Apply dimensionality reduction to embeddings:

In [None]:
tsne = TSNE(n_components=2, random_state=42)
reduced_embeddings = tsne.fit_transform(embeddings) 

In [None]:
# Create a TF-IDF vectorizer
vectorizer = TfidfVectorizer(max_features=5000, stop_words='english')

# Fit and transform the training data
X_train_vectorized = vectorizer.fit_transform(X_train)

tsne = TSNE(n_components=2, random_state=42, init='random')
reduced_embeddings = tsne.fit_transform(X_train_vectorized)  # Use the same data as y_train

In [None]:
# Vectorize text using TF-IDF
vectorizer = TfidfVectorizer(max_features=5000, stop_words="english")
X_train_vectorized = vectorizer.fit_transform(X_train)

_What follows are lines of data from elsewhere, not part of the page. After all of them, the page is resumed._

(* Let $a=1$. Define $\boldsymbol{\alpha}_0=\boldsymbol{\beta}_0=1$ and, for $n\ge1$, \[ \boldsymbol{\alpha}_n(1,k)=(-1)^n q^{-n^2/2}\left(q^{-3n/2}+q^{3n/2}\right),\qquad \boldsymbol{\beta}_n(1,k)=\frac{(-1)^n(1-kq^n+kq^{2n})(k;q)_{n}}{q^{(n^2+3n)/2}(q;q)_n}. \] Then $(\boldsymbol{\alpha}_n(1,k),\boldsymbol{\beta}_n(1,k))$ is a WP-Bailey pair relative to $a=1$.
   Context: Notation: $(x;q)_n=\prod_{i=0}^{n-1}(1-xq^i)$. A pair of sequences $(\boldsymbol{\alpha}_n(a,k,q),\boldsymbol{\beta}_n(a,k,q))_{n\ge0}$ is a WP-Bailey pair (relative to $a$, with parameter $k$) if $\boldsymbol{\alpha}_0=1$ and for all $n\ge0$ \[\boldsymbol{\beta}_n=\sum_{j=0}^n\frac{(k/a;q)_{n-j}(k;q)_{n+j}}{(q;q)_{n-j}(aq;q)_{n+j}}\boldsymbol{\alpha}_j.\] *)

From HB Require Import structures.
From mathcomp Require Import all_boot all_order all_algebra.
Set Implicit Arguments. Unset Strict Implicit. Unset Printing Implicit Defensive.
Import Order.TTheory GRing.Theory Num.Theory.
Local Open Scope ring_scope.

Definition qpoch (R : pzRingType) (x q : R) (n : nat) : R :=
  \prod_(i < n) (1 - x * q ^+ i).

Definition WP_Bailey_pair (R : fieldType) (a k q : R) (alpha beta : nat -> R) : Prop :=
  alpha 0%N = 1 /\
  forall n : nat,
    beta n = \sum_(j < n.+1)
      (qpoch (k / a) q (n - j) * qpoch k q (n + j))
      / (qpoch q q (n - j) * qpoch (a * q) q (n + j)) * alpha j.

(* The exponent (n^2 + 3n)/2, always an integer. *)
Definition e7 (n : nat) : nat := (n * n + 3 * n)./2.

(* alpha_n(1,k) = (-1)^n q^{-n^2/2} (q^{-3n/2} + q^{3n/2})
               = (-1)^n (q^{-(n^2+3n)/2} + q^{3n - (n^2+3n)/2}). *)
Definition alpha7 (R : fieldType) (q : R) (n : nat) : R :=
  if n == 0%N then 1 else
  (-1) ^+ n * (q ^ (- (e7 n)%:Z) + q ^ ((3 * n)%:Z - (e7 n)%:Z)).

Definition beta7 (R : fieldType) (k q : R) (n : nat) : R :=
  if n == 0%N then 1 else
  (-1) ^+ n * (1 - k * q ^+ n + k * q ^+ (2 * n)) * qpoch k q n
    / (q ^+ e7 n * qpoch q q n).

(* Put r m = (k;q)_m / (q;q)_m and w d = (-1)^d q^(-d(d+1)/2).  The sum defining
   beta_(n+1) folds around its middle term into the convolution
   C(2n+2, n) = \sum_i r(2n+2-i) r(i) w(i-n): the terms i = n+1+j and
   i = n+1-j produce the two parts of alpha_j.  The identity
   r(e+1)(1 - q^(e+1)) = r(e)(1 - k q^e) and w(d+1) = -q^(-d-1) w(d) give a
   recurrence for C(M, n) in both indices, and w(-1-d) = -w(d) makes C(M, n)
   antisymmetric under n |-> M+1-n.  These determine the diagonal C(2n, n)
   in closed form, and from it C(2n+2, n) = -beta_(n+1)/q. *)

From mathcomp Require Import all_boot all_order all_algebra.
From mathcomp Require Import ring zify.
Import GRing.Theory.
Local Open Scope ring_scope.

Definition tri (n : nat) : nat := 'C(n.+1, 2).
Arguments tri : simpl never.

Lemma triS n : tri n.+1 = (tri n + n.+1)%N.
Proof. by rewrite /tri binS bin1 addnC. Qed.

Lemma tri_double n : (2 * tri n = n * n.+1)%N.
Proof. by elim: n => [|n IHn] //; rewrite triS; lia. Qed.

Lemma e7_tri n : e7 n = (tri n + n)%N.
Proof.
rewrite /e7 -[(tri n + n)%N]doubleK -mul2n; congr (_./2).
by move: (tri_double n); lia.
Qed.

Section Folding.
Variable V : zmodType.
Implicit Type g : nat -> V.

Lemma sum_fold_pairs g N :
  \sum_(0 <= i < N + N) g i = \sum_(0 <= i < N) (g i + g ((N + N).-1 - i)%N).
Proof.
rewrite big_split (big_cat_nat _ (n := N)) ?leq_addr //=; congr (_ + _).
rewrite -{1}[N]add0n big_addn addnK big_nat_rev /=.
by apply: eq_big_nat => i /andP[_ ltiN]; congr g; lia.
Qed.

Lemma sum_fold_center g N :
  \sum_(0 <= i < (N + N).+1) g i
    = g N + \sum_(0 <= j < N) (g (N + j.+1)%N + g (N - j.+1)%N).
Proof.
rewrite (big_cat_nat _ (n := N)) //=; last lia.
rewrite big_nat_recl ?leq_addr // addrCA big_split /=; congr (_ + _).
rewrite addrC; congr (_ + _).
  rewrite (big_addn 0 _ N) addnK; apply: eq_big_nat => j _; congr g; lia.
rewrite big_nat_rev /=; apply: eq_big_nat => j /andP[_ ltjN]; congr g; lia.
Qed.

End Folding.

Lemma qpochS (R : pzRingType) (x q : R) n :
  qpoch x q n.+1 = qpoch x q n * (1 - x * q ^+ n).
Proof. by rewrite /qpoch big_ord_recr. Qed.

Section WPBaileyPair.
Variables (R : fieldType) (k q : R).
Hypothesis q_neq0 : q != 0.
Hypothesis qX_neq1 : forall m : nat, (0 < m)%N -> q ^+ m != 1.

Lemma subr1qX_neq0 m : 1 - q ^+ m.+1 != 0.
Proof. by rewrite subr_eq0 eq_sym qX_neq1. Qed.

Lemma qpoch_qq_neq0 m : qpoch q q m != 0.
Proof. by apply/prodf_neq0 => i _; rewrite -exprS subr1qX_neq0. Qed.

Definition ratio m := qpoch k q m / qpoch q q m.

Lemma ratio0 : ratio 0 = 1.
Proof. by rewrite /ratio /qpoch !big_ord0 divr1. Qed.

Lemma ratioS_sub m :
  ratio m.+1 - ratio m = ratio m.+1 * q ^+ m.+1 - k * ratio m * q ^+ m.
Proof.
have := qpoch_qq_neq0 m; have := subr1qX_neq0 m.
rewrite /ratio !qpochS exprS => ? ?; field; exact/andP.
Qed.

(* w (i - n) in the notation above, avoiding integer halving. *)
Definition weight (n i : nat) : R :=
  (-1) ^+ (i + n) * q ^ ((n * i.+1)%N%:Z - (tri i + tri n)%N%:Z).

Lemma weightS n i : weight n.+1 i = - q ^ (i%:Z - n%:Z) * weight n i.
Proof.
rewrite /weight addnS exprS triS mulN1r !mulNr mulrCA -expfzDr //.
by congr (- (_ * q ^ _)); lia.
Qed.

Lemma weight_antisym m n a b : (a + b).+1 = (m + n)%N -> weight n a = - weight m b.
Proof.
move=> abmn; rewrite /weight -mulNr.
have -> : (-1) ^+ (a + n) = - (-1) ^+ (b + m) :> R.
  rewrite -[RHS]mulN1r -exprS -(signr_odd _ (a + n)) -(signr_odd _ (b + m).+1).
  by congr ((-1) ^+ nat_of_bool _); lia.
congr (_ * q ^ _).
by have:= tri_double a; have:= tri_double b; have:= tri_double m; have:= tri_double n; nia.
Qed.

Lemma exprn_weightS a b n i :
  (a + i = b + n)%N -> q ^+ a * weight n.+1 i = - (q ^+ b * weight n i).
Proof.
move=> abin; rewrite weightS mulNr mulrN mulrA !exprnP -expfzDr //.
by congr (- (q ^ _ * _)); lia.
Qed.

Lemma neg_q_weight n i : - q * weight n i =
  (-1) ^+ (i + n).+1 * q ^ (1 + (n * i.+1)%N%:Z - (tri i + tri n)%N%:Z).
Proof. by rewrite /weight -addrA [in RHS]expfzDr // expr1z exprS; ring. Qed.

Lemma neg_q_weight_center n : - q * weight n n.+1 = 1.
Proof.
rewrite neg_q_weight -signr_odd.
have -> : odd (n.+1 + n).+1 = false by lia.
set e := (X in q ^ X); have -> : e = 0.
  by rewrite /e; have:= tri_double n; have:= tri_double n.+1; lia.
by rewrite expr0z mulr1.
Qed.

Lemma alpha7_weight n j : (j <= n)%N ->
  alpha7 q j.+1 = - q * (weight n (n.+2 + j) + weight n (n - j)).
Proof.
move=> jn; rewrite mulrDr !neg_q_weight /alpha7 e7_tri /= mulrDr.
rewrite -(subnK jn); set d := (n - j)%N; rewrite addnK.
have:= tri_double j.+1; have:= tri_double d; have:= tri_double (d + j).
have:= tri_double ((d + j).+2 + j) => ? ? ? ?.
congr (_ + _); rewrite -[in LHS]signr_odd -[in RHS]signr_odd;
  by congr ((-1) ^+ nat_of_bool _ * q ^ _); lia.
Qed.

Definition conv M n := \sum_(0 <= i < M.+1) ratio (M - i) * ratio i * weight n i.

Lemma conv_antisym M n n' : (n + n' = M.+1)%N -> conv M n = - conv M n'.
Proof.
move=> nn'M; rewrite /conv big_nat_rev -sumrN; apply: eq_big_nat => i /andP[_ ltiM].
rewrite add0n subSS subKn // (weight_antisym n' _ _ i); first by ring.
by rewrite subnK // addnC.
Qed.

(* By pairing i with 2m+1-i: conv_antisym alone only gives 2 x = 0. *)
Lemma conv_mid m : conv (m + m).+1 m.+1 = 0.
Proof.
rewrite /conv -addnS -addSn sum_fold_pairs big_nat big1 // => i /andP[_ ltim].
rewrite addSn /= subKn; last lia.
rewrite (weight_antisym m.+1 m.+1 (m + m.+1 - i) i); first by ring.
by rewrite subnK; lia.
Qed.

Lemma conv_step M n : (n <= M)%N ->
  conv M.+1 n.+1 - conv M n.+1
    = - q ^+ (M.+1 - n) * conv M.+1 n + k * q ^+ (M - n) * conv M n.
Proof.
move=> nM; rewrite /conv (big_nat_recr M.+1) //.
rewrite [in X in _ = - _ * X + _](big_nat_recr M.+1) //= addrAC subnn.
rewrite -sumrB mulrDr !mulr_sumr [RHS]addrAC -big_split /=; congr (_ + _).
  apply: eq_big_nat => i /andP[_ ltiM]; rewrite -!mulrBl subSn // ratioS_sub.
  set e := (M - i)%N.
  have shiftS : q ^+ e.+1 * weight n.+1 i = - (q ^+ (M.+1 - n) * weight n i).
    by apply: exprn_weightS; lia.
  have shift : q ^+ e * weight n.+1 i = - (q ^+ (M - n) * weight n i).
    by apply: exprn_weightS; lia.
  transitivity (ratio e.+1 * ratio i * (q ^+ e.+1 * weight n.+1 i)
    - k * ratio e * ratio i * (q ^+ e * weight n.+1 i)); first by ring.
  by rewrite shiftS shift; ring.
have shift0 : q ^+ 0 * weight n.+1 M.+1 = - (q ^+ (M.+1 - n) * weight n M.+1).
  by apply: exprn_weightS; lia.
by rewrite expr0 mul1r in shift0; rewrite shift0; ring.
Qed.

Lemma conv_odd n : conv (n + n).+1 n = (1 - q ^+ n.+1) * conv (n.+1 + n.+1) n.+1.
Proof.
have := conv_step (n + n).+1 n.+1 (leq_addl _ _).
rewrite conv_mid mulr0 addr0 (conv_antisym _ n.+2 n.+1); last lia.
rewrite (conv_antisym _ n.+2 n); last lia.
rewrite opprK (_ : ((n + n).+2 - n.+1 = n.+1)%N); last lia.
rewrite addSn addnS => step; apply: (addrI (- conv (n + n).+2 n.+1)).
by rewrite step; ring.
Qed.

Lemma conv_diagS n : (1 - k * q ^+ n) * conv (n + n) n
  = - q ^+ n.+1 * (1 - q ^+ n.+1) * conv (n.+1 + n.+1) n.+1.
Proof.
have := conv_step (n + n) n (leq_addr _ _).
rewrite conv_odd conv_mid (conv_antisym _ n.+1 n) ?addnS // sub0r opprK.
rewrite (_ : ((n + n).+1 - n = n.+1)%N) ?addnK; last lia.
by move=> step; rewrite mulrBl mul1r {1}step; ring.
Qed.

Lemma conv_diag n :
  conv (n + n) n = (-1) ^+ n * qpoch k q n / (qpoch q q n * q ^+ tri n).
Proof.
elim: n => [|n IHn].
  by rewrite /conv big_nat1 ratio0 /weight /tri /qpoch !big_ord0 /= !mul1r invr1.
have qn_neq0 : q ^+ n.+1 != 0 by rewrite expf_neq0.
have := subr1qX_neq0 n; have := qpoch_qq_neq0 n; have : q ^+ tri n != 0 by rewrite expf_neq0.
move=> ? ? ?; apply: (@mulfI _ (- q ^+ n.+1 * (1 - q ^+ n.+1))).
  by rewrite mulf_neq0 ?oppr_eq0.
rewrite -conv_diagS IHn !qpochS -exprS triS exprD [(-1) ^+ n.+1]exprS.
by field; apply/and4P.
Qed.

Lemma conv_center n : - q * conv (n.+1 + n.+1) n
  = (1 - k * q ^+ n.+1 + k * q ^+ (2 * n.+1)) * conv (n.+1 + n.+1) n.+1 / q ^+ n.+1.
Proof.
have := conv_step (n + n).+1 n (leqW (leq_addl _ _)).
rewrite conv_mid subr0 conv_odd addSn addnS.
rewrite (_ : ((n + n).+2 - n = n.+2)%N); last lia.
rewrite (_ : ((n + n).+1 - n = n.+1)%N); last lia.
move=> step; have qn_neq0 : q ^+ n.+1 != 0 by rewrite expf_neq0.
have F_eq : - q ^+ n.+2 * conv (n + n).+2 n
    = conv (n + n).+2 n.+1 - k * q ^+ n.+1 * ((1 - q ^+ n.+1) * conv (n + n).+2 n.+1).
  by rewrite {1}step addrK.
apply: (mulIf qn_neq0); rewrite divfK //.
transitivity (- q ^+ n.+2 * conv (n + n).+2 n); first by rewrite [q ^+ n.+2]exprS; ring.
by rewrite F_eq mul2n -addnn exprD; ring.
Qed.

Lemma sum_alpha7_conv n :
  \sum_(0 <= j < n.+2) ratio (n.+1 - j) * ratio (n.+1 + j) * alpha7 q j
    = - q * conv (n.+1 + n.+1) n.
Proof.
rewrite /conv sum_fold_center mulrDr mulr_sumr big_nat_recl //; congr (_ + _).
  by rewrite subn0 addn0 addnK [RHS]mulrCA neg_q_weight_center /alpha7.
apply: eq_big_nat => j /andP[_ ltjn]; rewrite (alpha7_weight n j ltjn).
rewrite (_ : (n.+1 + n.+1 - (n.+1 + j.+1) = n - j)%N); last lia.
rewrite (_ : (n.+1 + n.+1 - (n.+1 - j.+1) = n.+2 + j)%N); last lia.
by rewrite subSS addnS -addSn; ring.
Qed.

Lemma beta7_conv n : beta7 k q n.+1 = - q * conv (n.+1 + n.+1) n.
Proof.
rewrite conv_center conv_diag /beta7 e7_tri exprD /=.
have := qpoch_qq_neq0 n.+1; have : q ^+ tri n.+1 != 0 by rewrite expf_neq0.
have : q ^+ n.+1 != 0 by rewrite expf_neq0.
by move=> ? ? ?; field; apply/and3P.
Qed.

End WPBaileyPair.

Theorem mainTheorem7 (R : fieldType) (k q : R)
  (hq0 : q != 0) (hq : forall m : nat, (0 < m)%N -> q ^+ m != 1) :
  WP_Bailey_pair 1 k q (alpha7 q) (beta7 k q).
Proof.
split=> // -[|n].
  by rewrite big_ord1 /qpoch !big_ord0 /beta7 /alpha7 /= !(mul1r, invr1).
rewrite beta7_conv // -sum_alpha7_conv // big_mkord.
by apply: eq_bigr => j _; rewrite /ratio divr1 mul1r mulf_div.
Qed.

# TSNE with sparse input (using init="random")
tsne = TSNE(n_components=2, random_state=42, init="random")
reduced_embeddings = tsne.fit_transform(X_train_vectorized)

# Visualize the TSNE output
plt.scatter(reduced_embeddings[:, 0], reduced_embeddings[:, 1], c=y_train, cmap="viridis", s=10, alpha=0.7)
plt.colorbar(label="Fit Categories")
plt.xlabel("TSNE Component 1")
plt.ylabel("TSNE Component 2")
plt.title("TSNE Clusters Colored by Fit")
plt.show()

In [None]:
# Scatter plot of the reduced embeddings
plt.scatter(reduced_embeddings[:, 0], reduced_embeddings[:, 1], s=10, alpha=0.7)
plt.title("TSNE Visualization of Embeddings")
plt.xlabel("TSNE Component 1")
plt.ylabel("TSNE Component 2")
plt.show()

####
Visualize clusters:

In [None]:
plt.scatter(reduced_embeddings[:, 0], reduced_embeddings[:, 1], c=y_train, cmap='viridis')
plt.colorbar()
plt.show()

####  Combine with Other Features:

Concatenate embeddings with features like age or manufacturer for richer analytics:

In [None]:
final_features = np.hstack([embeddings.numpy(), df_rtr[['age', 'rating']].values])

#### While powerful, BERT’s computational cost and complexity make it less practical for this relatively straightforward task. Simpler methods like TF-IDF paired with Logistic Regression proved more efficient and equally effective in our case.